• Activity: If a line of the data below holds the string "Variables", copy it.
******************************
Lemma h0_conj q (x y : 'cV[A]_q) : stA (h0 stA x y) = h0 stA y x.
Proof.
rewrite /h0 stA_sum; apply: eq_bigr => j _.
by rewrite (inv_mul (tc_stA tc)) (inv_invol (tc_stA tc)).
Qed.

Lemma sigma_map_mul m n k (M : 'M[A]_(m, n)) (N : 'M[A]_(n, k)) :
  map_mx sigma (M *m N) = map_mx sigma M *m map_mx sigma N.
Proof.
apply/matrixP => i j; rewrite !mxE sigma_sum; apply: eq_bigr => l _.
by rewrite !mxE (tc_sigmaM tc).
Qed.

Lemma pi_map_mul m n k (M : 'M[A]_(m, n)) (N : 'M[A]_(n, k)) :
  map_mx pi (M *m N) = map_mx pi M *m map_mx pi N.
Proof.
apply/matrixP => i j; rewrite !mxE pi_sum; apply: eq_bigr => l _.
by rewrite !mxE (tc_piM tc).
Qed.

Section Module.
Variables (q : nat) (e : 'M[A]_q).

Lemma in_E_entry xi : in_E e xi -> forall j, \sum_l e j l * xi l ord0 = xi j ord0.
Proof. by move=> exi j; rewrite -{2}exi mxE. Qed.

Lemma in_E_add x y : in_E e x -> in_E e y -> in_E e (x + y).
Proof. by move=> ex ey; rewrite /in_E mulmxDr ex ey. Qed.

Lemma in_E_rmul xi a : in_E e xi -> in_E e (rmul xi a).
Proof.
move=> exi; rewrite /in_E -{2}exi; apply/matrixP => j k.
rewrite !mxE mulr_suml; apply: eq_bigr => l _; by rewrite !mxE mulrA.
Qed.

Lemma sigmaE_in_Esig xi : in_E e xi -> in_Esig sigma e (sigmaE sigma xi).
Proof. by move=> exi; rewrite /in_Esig /sigmaE /sigma_mx -sigma_map_mul exi. Qed.

Section Metric.
Variable h : 'cV[A]_q -> 'cV[A]_q -> A.
Hypothesis hm : hermitian_metric stA stB pi e h.

Lemma metric_selfadjoint z : in_E e z -> stA (h z z) = h z z.
Proof.
case: hm => _ _ hpos _ ez; apply: (tc_pi_inj tc).
by rewrite (tc_pi_star tc) (positive_selfadjoint (tc_stB tc) (hpos z ez)).
Qed.

(* Polarisation of selfadjointness along z = x + y. *)
Lemma metric_polar x y : in_E e x -> in_E e y ->
  stA (h x y) + stA (h y x) = h x y + h y x.
Proof.
move=> ex ey; case: (hm) => _ hadd _ _.
have exy := in_E_add ex ey; have := metric_selfadjoint exy.
case: (hadd x y (x + y) ex ey exy) => -> _.
case: (hadd x y x ex ey ex) => _ ->; case: (hadd x y y ex ey ey) => _ ->.
rewrite !(inv_add (tc_stA tc)) (metric_selfadjoint ex) (metric_selfadjoint ey).
by rewrite -!addrA => /addrI; rewrite !addrA => /addIr.
Qed.

(* A Hermitian metric is conjugate-symmetric: polarise along x.i + y too. *)
Lemma metric_conj_sym x y : in_E e x -> in_E e y -> h y x = stA (h x y).
Proof.
move=> ex ey; case: (hm) => hsesq _ _ _.
have st1 := involution1 (tc_stA tc).
have rmul1 (z : 'cV[A]_q) : rmul z 1 = z by apply/matrixP => j k; rewrite !mxE mulr1.
pose xi := rmul x ('i *: 1); have exi : in_E e xi := in_E_rmul _ ex.
have hxi_l : h xi y = 'i^* *: h x y.
  by have := hsesq x y ('i *: 1) 1 ex ey; rewrite rmul1 mulr1 (inv_scale (tc_stA tc))
    st1 -scalerAl mul1r.
have hxi_r : h y xi = 'i *: h y x.
  by have := hsesq y x 1 ('i *: 1) ey ex; rewrite rmul1 st1 mul1r -scalerAr mulr1.
have sum_eq := metric_polar ex ey.
have diff_eq : stA (h x y) - stA (h y x) = h y x - h x y.
  have := metric_polar exi ey; rewrite hxi_l hxi_r !(inv_scale (tc_stA tc)).
  rewrite Num.Theory.conjCK Num.Theory.conjCi !scaleNr => E.
  apply: (can_inj (scalerK (Num.Theory.neq0Ci C))).
  by rewrite !scalerBr E addrC.
have twice : stA (h x y) *+ 2 = h y x *+ 2.
  rewrite mulr2n -[LHS]addr0 -(subrr (stA (h y x))) addrACA sum_eq diff_eq.
  by rewrite (addrC (h x y)) addrACA subrr addr0 mulr2n.
apply/esym; move: twice; rewrite -!scaler_nat => /(can_inj (scalerK _)); apply.
by rewrite Num.Theory.pnatr_eq0.
Qed.

Variable s : 'cV[A]_q -> 'cV[A]_q.
Hypothesis s_iso : module_iso sigma e s.
Hypothesis s_left : forall eta xi, in_Esig sigma e eta -> in_E e xi ->
  h (s eta) xi = h0 stA eta xi.

Lemma s_right eta xi : in_Esig sigma e eta -> in_E e xi ->
  h xi (s eta) = h0 stA xi eta.
Proof.
move=> eeta exi; case: s_iso => sE _ _ _ _.
by rewrite metric_conj_sym ?s_left ?h0_conj //; exact: sE.
Qed.

Lemma sigma_hermitian_structure_canonical :
  sigma_hermitian_structure stA stB pi sigma e h s.
Proof.
split=> // x1 x2 e1 e2.
rewrite (s_right (sigmaE_in_Esig e2) e1) (s_left (sigmaE_in_Esig e1) e2) /h0 sigma_sum.
by apply: eq_bigr => j _; rewrite !mxE (tc_sigmaM tc) sigma_star_sigma.
Qed.

End Metric.

Hypothesis e_idem : e *m e = e.
Hypothesis e_sigma : sigma_mx sigma e = star_mx stA e.

Lemma sigma_e_entry j k : sigma (e j k) = stA (e k j).
Proof. by have := congr1 (fun M : 'M[A]_q => M j k) e_sigma; rewrite /= !mxE. Qed.

Local Notation nabla0 := (grassmann_connection pi sigma d e).

Lemma grassmann_entry xi j k :
  nabla0 xi j k = \sum_l pi (sigma (e j l)) * d (xi l k).
Proof. by rewrite /grassmann_connection mxE; apply: eq_bigr => l _; rewrite !mxE. Qed.

Lemma grassmann_leibniz xi a : in_E e xi ->
  nabla0 (rmul xi a) = rmulB pi (nabla0 xi) a + tens pi (sigmaE sigma xi) (d a).
Proof.
move=> exi; apply/matrixP => j c; rewrite (ord1 c).
rewrite grassmann_entry [in RHS]mxE /rmulB /tens [X in X + _]mxE [X in _ + X]mxE.
rewrite grassmann_entry mxE.
under eq_bigr do rewrite mxE (tc_dM tc) mulrDr.
rewrite big_split mulr_suml; congr (_ + _).
  by apply: eq_bigr => l _; rewrite mulrA.
rewrite -(in_E_entry exi j) sigma_sum pi_sum mulr_suml; apply: eq_bigr => l _.
by rewrite (tc_sigmaM tc) (tc_piM tc) mulrA.
Qed.

Lemma grassmann_sigma_connection : sigma_connection pi sigma d e nabla0.
Proof.
split.
- move=> xi exi; split.
    by rewrite /grassmann_connection mulmxA -pi_map_mul /sigma_mx -sigma_map_mul e_idem.
  move=> j; exists [seq (sigma (e j l), xi l ord0) | l <- index_enum 'I_q].
  by rewrite grassmann_entry big_map.
- move=> x1 x2 _ _; apply/matrixP => j k.
  rewrite [in RHS]mxE !grassmann_entry -big_split; apply: eq_bigr => l _.
  by rewrite mxE (tc_dD tc) mulrDr.
- move=> k xi _; apply/matrixP => j c.
  rewrite [in RHS]mxE !grassmann_entry scaler_sumr; apply: eq_bigr => l _.
  by rewrite mxE (tc_dZ tc) scalerAr.
- exact: grassmann_leibniz.
Qed.

Section Hermiticity.
Variables (h : 'cV[A]_q -> 'cV[A]_q -> A) (s : 'cV[A]_q -> 'cV[A]_q).
Hypothesis hm : hermitian_metric stA stB pi e h.
Hypothesis s_iso : module_iso sigma e s.
Hypothesis s_left : forall eta xi, in_Esig sigma e eta -> in_E e xi ->
  h (s eta) xi = h0 stA eta xi.

Lemma hermitian_sum_right xi eta ry :
  in_E e xi -> represents pi sigma d e ry (nabla0 eta) ->
  \sum_(p <- ry) pi (h xi (s p.1)) * p.2
    = \sum_k pi (stA (xi k ord0)) * d (eta k ord0).
Proof.
move=> exi [ryE ryN].
transitivity (\sum_(p <- ry) \sum_j pi (stA (xi j ord0)) * (pi (p.1 j ord0) * p.2)).
  apply: eq_big_seq => p pin; rewrite (s_right hm s_iso s_left (ryE p pin).1 exi).
  by rewrite /h0 pi_sum mulr_suml; apply: eq_bigr => j _; rewrite (tc_piM tc) mulrA.
rewrite exchange_big /=.
transitivity (\sum_j pi (stA (xi j ord0)) * nabla0 eta j ord0).
  apply: eq_bigr => j _; rewrite ryN summxE mulr_sumr; apply: eq_bigr => p _.
  by rewrite mxE.
rewrite (eq_bigr (fun j =>
  \sum_k pi (stA (xi j ord0)) * (pi (sigma (e j k)) * d (eta k ord0))));
  last by move=> j _; rewrite grassmann_entry mulr_sumr.
rewrite exchange_big /=; apply: eq_bigr => k _.
rewrite -(in_E_entry exi k) stA_sum pi_sum mulr_suml; apply: eq_bigr => j _.
by rewrite mulrA -(tc_piM tc) (inv_mul (tc_stA tc)) sigma_e_entry.
Qed.

(* The second sum, for any representation of nabla_0 xi; D selfadjoint enters
   through d(a)^* = - d(sigma^-1(a^* )). *)
Lemma hermitian_sum_left xi eta rx :
  in_E e eta -> represents pi sigma d e rx (nabla0 xi) ->
  \sum_(p <- rx) stB p.2 * pi (h (s p.1) eta)
    = - \sum_k d (sigma_inv (stA (xi k ord0))) * pi (eta k ord0).
Proof.
move=> eeta [rxE rxN].
transitivity (\sum_(p <- rx) \sum_j stB (pi (p.1 j ord0) * p.2) * pi (eta j ord0)).
  apply: eq_big_seq => p pin; rewrite (s_left (rxE p pin).1 eeta) /h0 pi_sum mulr_sumr.
  apply: eq_bigr => j _.
  by rewrite (inv_mul (tc_stB tc)) -(tc_pi_star tc) (tc_piM tc) mulrA.
rewrite exchange_big /=.
transitivity (\sum_j stB (nabla0 xi j ord0) * pi (eta j ord0)).
  apply: eq_bigr => j _; rewrite rxN summxE stB_sum mulr_suml; apply: eq_bigr => p _.
  by rewrite mxE.
rewrite (eq_bigr (fun j =>
  \sum_k stB (pi (sigma (e j k)) * d (xi k ord0)) * pi (eta j ord0)));
  last by move=> j _; rewrite grassmann_entry stB_sum mulr_suml.
rewrite exchange_big /= -sumrN; apply: eq_bigr => k _.
rewrite -(in_E_entry eeta k) pi_sum mulr_sumr -sumrN; apply: eq_bigr => j _.
rewrite (inv_mul (tc_stB tc)) (tc_d_star tc) -(tc_pi_star tc) sigma_e_entry.
by rewrite (inv_invol (tc_stA tc)) (tc_piM tc) mulrA !mulNr.
Qed.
******************************
• Task result:
Variables (q : nat) (e : 'M[A]_q).
Variables (h : 'cV[A]_q -> 'cV[A]_q -> A) (s : 'cV[A]_q -> 'cV[A]_q).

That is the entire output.